DATA EXCERPTS >>
- - -
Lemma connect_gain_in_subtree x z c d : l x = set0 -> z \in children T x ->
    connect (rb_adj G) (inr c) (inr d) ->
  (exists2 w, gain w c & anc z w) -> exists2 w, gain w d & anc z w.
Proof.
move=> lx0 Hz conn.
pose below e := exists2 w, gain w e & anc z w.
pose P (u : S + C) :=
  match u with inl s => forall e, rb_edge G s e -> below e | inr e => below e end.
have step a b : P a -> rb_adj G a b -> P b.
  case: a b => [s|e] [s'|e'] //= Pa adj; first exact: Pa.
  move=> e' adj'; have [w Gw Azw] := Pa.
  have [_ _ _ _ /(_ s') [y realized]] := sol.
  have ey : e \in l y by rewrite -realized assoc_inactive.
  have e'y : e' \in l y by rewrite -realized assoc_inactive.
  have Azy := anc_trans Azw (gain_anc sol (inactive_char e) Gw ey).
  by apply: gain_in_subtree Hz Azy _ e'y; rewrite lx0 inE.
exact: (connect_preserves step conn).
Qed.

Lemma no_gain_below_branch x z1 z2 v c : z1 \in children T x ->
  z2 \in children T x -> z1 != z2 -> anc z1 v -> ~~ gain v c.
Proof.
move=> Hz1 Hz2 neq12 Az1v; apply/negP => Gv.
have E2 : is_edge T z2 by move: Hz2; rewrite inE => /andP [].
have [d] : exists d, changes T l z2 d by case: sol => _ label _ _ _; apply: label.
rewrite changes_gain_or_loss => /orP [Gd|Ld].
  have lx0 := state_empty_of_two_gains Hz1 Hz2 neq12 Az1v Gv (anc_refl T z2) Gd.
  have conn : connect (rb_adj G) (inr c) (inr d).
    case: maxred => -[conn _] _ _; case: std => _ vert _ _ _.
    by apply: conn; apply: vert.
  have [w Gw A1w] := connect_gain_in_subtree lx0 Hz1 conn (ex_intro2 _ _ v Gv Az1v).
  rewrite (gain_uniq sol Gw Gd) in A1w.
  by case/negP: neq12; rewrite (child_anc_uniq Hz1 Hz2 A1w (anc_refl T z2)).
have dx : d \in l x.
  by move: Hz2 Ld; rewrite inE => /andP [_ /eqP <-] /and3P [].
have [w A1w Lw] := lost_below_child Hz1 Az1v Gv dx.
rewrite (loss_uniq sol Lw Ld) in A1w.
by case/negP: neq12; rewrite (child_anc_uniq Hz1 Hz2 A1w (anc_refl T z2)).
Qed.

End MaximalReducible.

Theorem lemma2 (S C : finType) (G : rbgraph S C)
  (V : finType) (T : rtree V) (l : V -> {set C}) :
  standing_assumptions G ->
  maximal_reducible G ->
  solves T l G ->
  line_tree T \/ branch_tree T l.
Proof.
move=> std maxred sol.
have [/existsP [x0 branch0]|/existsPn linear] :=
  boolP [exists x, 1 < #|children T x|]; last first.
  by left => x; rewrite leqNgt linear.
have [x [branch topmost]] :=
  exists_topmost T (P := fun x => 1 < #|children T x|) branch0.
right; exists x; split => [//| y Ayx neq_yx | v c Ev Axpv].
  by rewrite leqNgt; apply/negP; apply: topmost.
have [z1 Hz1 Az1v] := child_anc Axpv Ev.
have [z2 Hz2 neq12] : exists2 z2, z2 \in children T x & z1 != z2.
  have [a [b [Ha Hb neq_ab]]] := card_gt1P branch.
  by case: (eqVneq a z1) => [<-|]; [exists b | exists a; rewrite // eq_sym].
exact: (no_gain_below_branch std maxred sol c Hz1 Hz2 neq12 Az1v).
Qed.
- - -
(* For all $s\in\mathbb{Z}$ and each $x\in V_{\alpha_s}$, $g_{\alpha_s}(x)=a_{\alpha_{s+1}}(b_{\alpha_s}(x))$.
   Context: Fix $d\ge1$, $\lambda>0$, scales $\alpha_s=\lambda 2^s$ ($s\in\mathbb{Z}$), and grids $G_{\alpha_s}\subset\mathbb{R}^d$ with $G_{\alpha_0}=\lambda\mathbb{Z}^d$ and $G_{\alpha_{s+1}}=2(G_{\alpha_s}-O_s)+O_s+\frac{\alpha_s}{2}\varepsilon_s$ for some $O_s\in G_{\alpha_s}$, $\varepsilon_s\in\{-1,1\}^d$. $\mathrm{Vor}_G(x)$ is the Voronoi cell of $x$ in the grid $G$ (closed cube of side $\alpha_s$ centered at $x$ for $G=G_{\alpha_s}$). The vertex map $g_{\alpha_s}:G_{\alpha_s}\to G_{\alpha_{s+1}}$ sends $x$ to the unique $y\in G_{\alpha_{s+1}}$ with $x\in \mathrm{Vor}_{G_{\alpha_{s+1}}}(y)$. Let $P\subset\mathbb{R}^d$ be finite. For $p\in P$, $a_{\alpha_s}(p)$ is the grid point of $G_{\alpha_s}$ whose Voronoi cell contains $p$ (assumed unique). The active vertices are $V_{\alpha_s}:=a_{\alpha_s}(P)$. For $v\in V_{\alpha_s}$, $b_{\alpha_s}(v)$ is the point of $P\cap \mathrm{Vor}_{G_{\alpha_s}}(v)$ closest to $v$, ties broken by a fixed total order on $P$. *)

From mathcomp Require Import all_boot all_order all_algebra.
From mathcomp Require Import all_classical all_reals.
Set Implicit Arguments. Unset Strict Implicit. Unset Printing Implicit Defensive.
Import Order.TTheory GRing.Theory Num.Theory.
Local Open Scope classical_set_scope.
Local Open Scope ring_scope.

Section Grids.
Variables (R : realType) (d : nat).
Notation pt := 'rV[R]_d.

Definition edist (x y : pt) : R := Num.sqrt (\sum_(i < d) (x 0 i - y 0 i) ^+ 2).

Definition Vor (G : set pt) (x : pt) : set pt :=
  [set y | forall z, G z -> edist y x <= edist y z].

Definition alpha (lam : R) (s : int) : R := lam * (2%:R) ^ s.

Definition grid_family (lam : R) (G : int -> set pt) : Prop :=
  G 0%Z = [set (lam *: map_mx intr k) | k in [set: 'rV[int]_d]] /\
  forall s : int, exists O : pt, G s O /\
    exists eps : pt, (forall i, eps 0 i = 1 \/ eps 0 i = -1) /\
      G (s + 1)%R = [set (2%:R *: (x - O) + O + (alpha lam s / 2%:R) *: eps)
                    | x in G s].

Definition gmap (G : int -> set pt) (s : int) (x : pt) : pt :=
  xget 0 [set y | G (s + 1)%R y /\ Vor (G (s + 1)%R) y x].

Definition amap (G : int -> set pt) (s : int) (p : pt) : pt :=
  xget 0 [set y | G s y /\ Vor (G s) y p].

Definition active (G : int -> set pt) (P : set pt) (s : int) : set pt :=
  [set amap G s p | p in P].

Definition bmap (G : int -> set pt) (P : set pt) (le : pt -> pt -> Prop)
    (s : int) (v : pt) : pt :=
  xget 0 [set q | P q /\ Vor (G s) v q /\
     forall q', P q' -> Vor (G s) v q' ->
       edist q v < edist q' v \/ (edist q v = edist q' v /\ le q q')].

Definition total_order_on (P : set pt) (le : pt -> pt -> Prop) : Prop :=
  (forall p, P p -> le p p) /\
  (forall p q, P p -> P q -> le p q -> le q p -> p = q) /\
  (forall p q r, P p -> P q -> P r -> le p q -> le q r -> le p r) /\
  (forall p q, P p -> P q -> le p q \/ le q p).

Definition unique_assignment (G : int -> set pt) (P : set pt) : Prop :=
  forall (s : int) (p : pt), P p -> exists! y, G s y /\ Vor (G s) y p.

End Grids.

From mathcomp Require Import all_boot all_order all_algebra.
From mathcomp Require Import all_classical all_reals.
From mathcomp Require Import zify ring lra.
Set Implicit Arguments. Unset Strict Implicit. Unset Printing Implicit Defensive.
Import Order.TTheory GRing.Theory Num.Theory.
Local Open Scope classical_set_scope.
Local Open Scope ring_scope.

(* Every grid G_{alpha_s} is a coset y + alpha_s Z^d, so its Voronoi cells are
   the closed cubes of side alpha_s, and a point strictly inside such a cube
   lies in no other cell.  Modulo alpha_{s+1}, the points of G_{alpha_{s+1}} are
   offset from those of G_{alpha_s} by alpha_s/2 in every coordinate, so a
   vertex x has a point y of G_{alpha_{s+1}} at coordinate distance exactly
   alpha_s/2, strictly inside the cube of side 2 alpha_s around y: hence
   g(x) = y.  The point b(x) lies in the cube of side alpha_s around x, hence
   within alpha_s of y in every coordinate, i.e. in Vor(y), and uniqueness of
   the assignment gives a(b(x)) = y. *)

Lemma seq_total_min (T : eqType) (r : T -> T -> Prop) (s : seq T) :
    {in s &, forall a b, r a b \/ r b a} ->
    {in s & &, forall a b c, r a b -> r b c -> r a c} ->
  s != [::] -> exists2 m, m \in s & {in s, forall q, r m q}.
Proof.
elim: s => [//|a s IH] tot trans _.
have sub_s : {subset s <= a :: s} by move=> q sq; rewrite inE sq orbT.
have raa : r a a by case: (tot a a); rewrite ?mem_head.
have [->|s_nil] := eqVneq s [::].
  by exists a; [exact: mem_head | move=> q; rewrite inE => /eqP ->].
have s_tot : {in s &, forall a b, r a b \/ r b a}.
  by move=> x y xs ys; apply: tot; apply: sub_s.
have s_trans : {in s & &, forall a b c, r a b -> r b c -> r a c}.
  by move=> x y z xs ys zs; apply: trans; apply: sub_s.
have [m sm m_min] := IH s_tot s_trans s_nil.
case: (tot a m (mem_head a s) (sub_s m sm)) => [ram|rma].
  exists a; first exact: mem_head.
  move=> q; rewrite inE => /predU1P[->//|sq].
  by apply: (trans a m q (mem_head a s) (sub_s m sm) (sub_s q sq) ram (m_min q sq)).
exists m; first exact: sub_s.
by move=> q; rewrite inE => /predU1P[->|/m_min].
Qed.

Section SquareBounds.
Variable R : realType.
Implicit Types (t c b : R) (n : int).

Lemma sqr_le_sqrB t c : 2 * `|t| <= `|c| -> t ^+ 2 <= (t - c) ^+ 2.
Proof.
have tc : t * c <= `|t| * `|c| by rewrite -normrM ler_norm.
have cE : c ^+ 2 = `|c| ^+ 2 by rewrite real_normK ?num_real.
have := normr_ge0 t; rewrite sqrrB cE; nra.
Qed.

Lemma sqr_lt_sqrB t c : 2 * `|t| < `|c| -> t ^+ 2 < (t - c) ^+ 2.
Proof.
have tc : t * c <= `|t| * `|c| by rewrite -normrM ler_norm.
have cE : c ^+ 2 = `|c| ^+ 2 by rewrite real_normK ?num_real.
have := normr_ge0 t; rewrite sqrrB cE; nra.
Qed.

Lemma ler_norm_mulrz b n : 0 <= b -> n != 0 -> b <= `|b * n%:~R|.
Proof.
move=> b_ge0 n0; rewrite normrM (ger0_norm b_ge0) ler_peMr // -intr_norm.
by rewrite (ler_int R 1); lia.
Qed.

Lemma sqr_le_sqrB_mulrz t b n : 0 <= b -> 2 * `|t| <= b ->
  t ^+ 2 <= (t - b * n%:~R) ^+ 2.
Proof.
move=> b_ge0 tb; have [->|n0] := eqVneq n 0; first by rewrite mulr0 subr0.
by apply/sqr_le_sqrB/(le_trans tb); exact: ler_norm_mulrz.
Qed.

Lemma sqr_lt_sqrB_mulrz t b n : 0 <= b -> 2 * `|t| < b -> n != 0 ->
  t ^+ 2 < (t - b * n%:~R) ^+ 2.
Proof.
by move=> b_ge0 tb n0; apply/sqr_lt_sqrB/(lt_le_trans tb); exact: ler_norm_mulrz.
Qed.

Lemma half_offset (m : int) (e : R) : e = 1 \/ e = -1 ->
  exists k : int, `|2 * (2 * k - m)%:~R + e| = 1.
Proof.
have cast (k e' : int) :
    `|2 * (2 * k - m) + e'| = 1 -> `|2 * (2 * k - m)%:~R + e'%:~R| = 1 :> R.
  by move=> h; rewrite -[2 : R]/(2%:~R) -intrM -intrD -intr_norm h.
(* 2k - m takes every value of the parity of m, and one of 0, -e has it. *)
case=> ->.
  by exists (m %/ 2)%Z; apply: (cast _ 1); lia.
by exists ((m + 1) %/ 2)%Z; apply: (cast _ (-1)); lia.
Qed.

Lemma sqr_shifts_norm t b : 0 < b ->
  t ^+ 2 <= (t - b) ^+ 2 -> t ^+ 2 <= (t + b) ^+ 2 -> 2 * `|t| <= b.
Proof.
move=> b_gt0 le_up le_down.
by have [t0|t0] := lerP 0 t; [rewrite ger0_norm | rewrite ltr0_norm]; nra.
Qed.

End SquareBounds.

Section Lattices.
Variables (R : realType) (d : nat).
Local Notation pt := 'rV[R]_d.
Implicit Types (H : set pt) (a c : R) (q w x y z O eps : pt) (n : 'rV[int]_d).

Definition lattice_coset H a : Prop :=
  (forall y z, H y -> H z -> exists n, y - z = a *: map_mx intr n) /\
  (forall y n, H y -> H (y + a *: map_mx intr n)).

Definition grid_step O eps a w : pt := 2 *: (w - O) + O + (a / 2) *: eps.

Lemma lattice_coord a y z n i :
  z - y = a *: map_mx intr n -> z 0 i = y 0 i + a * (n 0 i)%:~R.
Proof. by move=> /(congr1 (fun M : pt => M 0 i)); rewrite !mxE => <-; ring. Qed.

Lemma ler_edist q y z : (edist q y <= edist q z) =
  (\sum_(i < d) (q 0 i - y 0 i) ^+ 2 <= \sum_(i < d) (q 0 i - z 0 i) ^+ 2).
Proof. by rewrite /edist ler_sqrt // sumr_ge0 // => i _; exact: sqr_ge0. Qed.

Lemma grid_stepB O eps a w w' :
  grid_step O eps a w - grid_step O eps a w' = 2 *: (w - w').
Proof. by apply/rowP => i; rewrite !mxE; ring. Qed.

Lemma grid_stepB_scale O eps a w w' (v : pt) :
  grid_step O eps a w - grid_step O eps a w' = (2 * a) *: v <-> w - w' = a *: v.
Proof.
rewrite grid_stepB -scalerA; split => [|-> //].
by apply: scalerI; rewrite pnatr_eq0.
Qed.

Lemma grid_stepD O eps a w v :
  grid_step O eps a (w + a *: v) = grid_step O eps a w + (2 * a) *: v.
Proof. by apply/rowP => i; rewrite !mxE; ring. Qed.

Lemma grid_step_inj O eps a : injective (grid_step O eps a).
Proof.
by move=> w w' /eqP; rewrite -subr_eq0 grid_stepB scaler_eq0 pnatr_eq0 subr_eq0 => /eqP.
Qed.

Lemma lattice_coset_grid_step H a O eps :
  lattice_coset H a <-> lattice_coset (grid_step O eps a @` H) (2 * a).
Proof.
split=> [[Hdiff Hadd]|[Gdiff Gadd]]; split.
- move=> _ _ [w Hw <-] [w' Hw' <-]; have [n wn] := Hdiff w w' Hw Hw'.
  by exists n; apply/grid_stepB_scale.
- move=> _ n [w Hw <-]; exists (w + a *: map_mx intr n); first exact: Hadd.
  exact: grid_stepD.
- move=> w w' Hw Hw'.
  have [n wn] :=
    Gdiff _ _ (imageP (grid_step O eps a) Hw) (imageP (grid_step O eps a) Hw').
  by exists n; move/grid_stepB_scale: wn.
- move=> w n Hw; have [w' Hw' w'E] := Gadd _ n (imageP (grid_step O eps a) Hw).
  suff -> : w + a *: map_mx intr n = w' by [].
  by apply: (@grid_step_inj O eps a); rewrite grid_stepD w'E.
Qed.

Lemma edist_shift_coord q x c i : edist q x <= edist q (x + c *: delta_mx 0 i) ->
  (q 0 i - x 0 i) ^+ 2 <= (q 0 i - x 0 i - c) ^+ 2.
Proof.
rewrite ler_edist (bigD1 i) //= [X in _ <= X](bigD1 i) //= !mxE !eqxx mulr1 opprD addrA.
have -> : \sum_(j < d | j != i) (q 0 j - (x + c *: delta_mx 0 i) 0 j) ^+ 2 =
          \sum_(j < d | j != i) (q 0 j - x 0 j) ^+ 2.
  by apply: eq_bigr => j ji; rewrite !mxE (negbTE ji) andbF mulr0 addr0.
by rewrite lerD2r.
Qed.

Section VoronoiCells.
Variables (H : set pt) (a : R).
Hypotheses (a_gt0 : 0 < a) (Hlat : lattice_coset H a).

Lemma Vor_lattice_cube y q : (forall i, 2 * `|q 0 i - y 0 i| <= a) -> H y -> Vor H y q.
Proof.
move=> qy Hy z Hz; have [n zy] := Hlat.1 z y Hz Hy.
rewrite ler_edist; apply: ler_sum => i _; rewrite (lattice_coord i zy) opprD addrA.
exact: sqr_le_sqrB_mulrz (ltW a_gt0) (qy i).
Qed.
- - -
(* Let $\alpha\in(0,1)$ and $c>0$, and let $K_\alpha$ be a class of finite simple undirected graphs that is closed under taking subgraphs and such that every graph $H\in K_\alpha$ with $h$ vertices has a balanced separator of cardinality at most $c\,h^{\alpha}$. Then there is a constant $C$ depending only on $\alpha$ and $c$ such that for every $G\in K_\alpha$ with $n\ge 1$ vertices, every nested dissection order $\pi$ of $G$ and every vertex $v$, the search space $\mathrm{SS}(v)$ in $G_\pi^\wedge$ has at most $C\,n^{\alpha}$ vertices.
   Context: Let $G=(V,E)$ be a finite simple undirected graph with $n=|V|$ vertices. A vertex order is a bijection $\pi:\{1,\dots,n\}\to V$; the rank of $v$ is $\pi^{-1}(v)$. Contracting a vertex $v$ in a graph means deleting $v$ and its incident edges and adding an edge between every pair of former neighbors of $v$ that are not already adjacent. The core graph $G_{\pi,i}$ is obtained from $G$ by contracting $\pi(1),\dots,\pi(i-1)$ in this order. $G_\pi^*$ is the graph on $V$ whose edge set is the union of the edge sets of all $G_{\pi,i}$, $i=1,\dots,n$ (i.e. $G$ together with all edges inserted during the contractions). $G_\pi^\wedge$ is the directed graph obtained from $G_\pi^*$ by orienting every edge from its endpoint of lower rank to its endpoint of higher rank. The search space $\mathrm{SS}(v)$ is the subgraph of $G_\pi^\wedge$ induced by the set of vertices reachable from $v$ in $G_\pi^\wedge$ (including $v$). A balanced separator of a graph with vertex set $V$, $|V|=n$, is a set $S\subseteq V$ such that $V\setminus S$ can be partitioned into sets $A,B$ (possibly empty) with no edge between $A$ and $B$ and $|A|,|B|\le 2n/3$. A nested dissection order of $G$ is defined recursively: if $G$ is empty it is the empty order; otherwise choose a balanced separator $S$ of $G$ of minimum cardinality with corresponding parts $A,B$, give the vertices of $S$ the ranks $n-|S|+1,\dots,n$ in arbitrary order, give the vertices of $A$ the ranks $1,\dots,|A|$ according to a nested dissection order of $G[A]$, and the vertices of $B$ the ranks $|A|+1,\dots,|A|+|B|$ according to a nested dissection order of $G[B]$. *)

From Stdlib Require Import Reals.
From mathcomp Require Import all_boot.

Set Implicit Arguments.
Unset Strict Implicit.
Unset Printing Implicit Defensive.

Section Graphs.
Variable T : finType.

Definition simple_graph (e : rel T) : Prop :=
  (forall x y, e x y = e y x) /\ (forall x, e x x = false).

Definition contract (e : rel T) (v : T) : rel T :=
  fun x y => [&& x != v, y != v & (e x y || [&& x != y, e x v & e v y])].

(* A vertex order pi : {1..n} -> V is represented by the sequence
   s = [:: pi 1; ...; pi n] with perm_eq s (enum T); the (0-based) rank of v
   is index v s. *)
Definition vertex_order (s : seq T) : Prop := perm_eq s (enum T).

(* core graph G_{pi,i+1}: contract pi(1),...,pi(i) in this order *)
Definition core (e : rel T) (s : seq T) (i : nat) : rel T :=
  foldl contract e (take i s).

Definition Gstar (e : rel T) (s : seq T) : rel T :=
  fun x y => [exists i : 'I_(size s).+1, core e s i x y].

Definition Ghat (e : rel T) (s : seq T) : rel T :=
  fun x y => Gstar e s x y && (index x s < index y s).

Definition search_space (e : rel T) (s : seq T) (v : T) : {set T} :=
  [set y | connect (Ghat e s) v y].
- - -
YOUR OBJECTIVE >> Retype exactly, and only, the lines above from the one where "Lemma connect_gain_in_subtree x" occurs up to and including the one where "move=> lx0 Hz conn." occurs.

FINISHED EXERCISE >>
Lemma connect_gain_in_subtree x z c d : l x = set0 -> z \in children T x ->
    connect (rb_adj G) (inr c) (inr d) ->
  (exists2 w, gain w c & anc z w) -> exists2 w, gain w d & anc z w.
Proof.
move=> lx0 Hz conn.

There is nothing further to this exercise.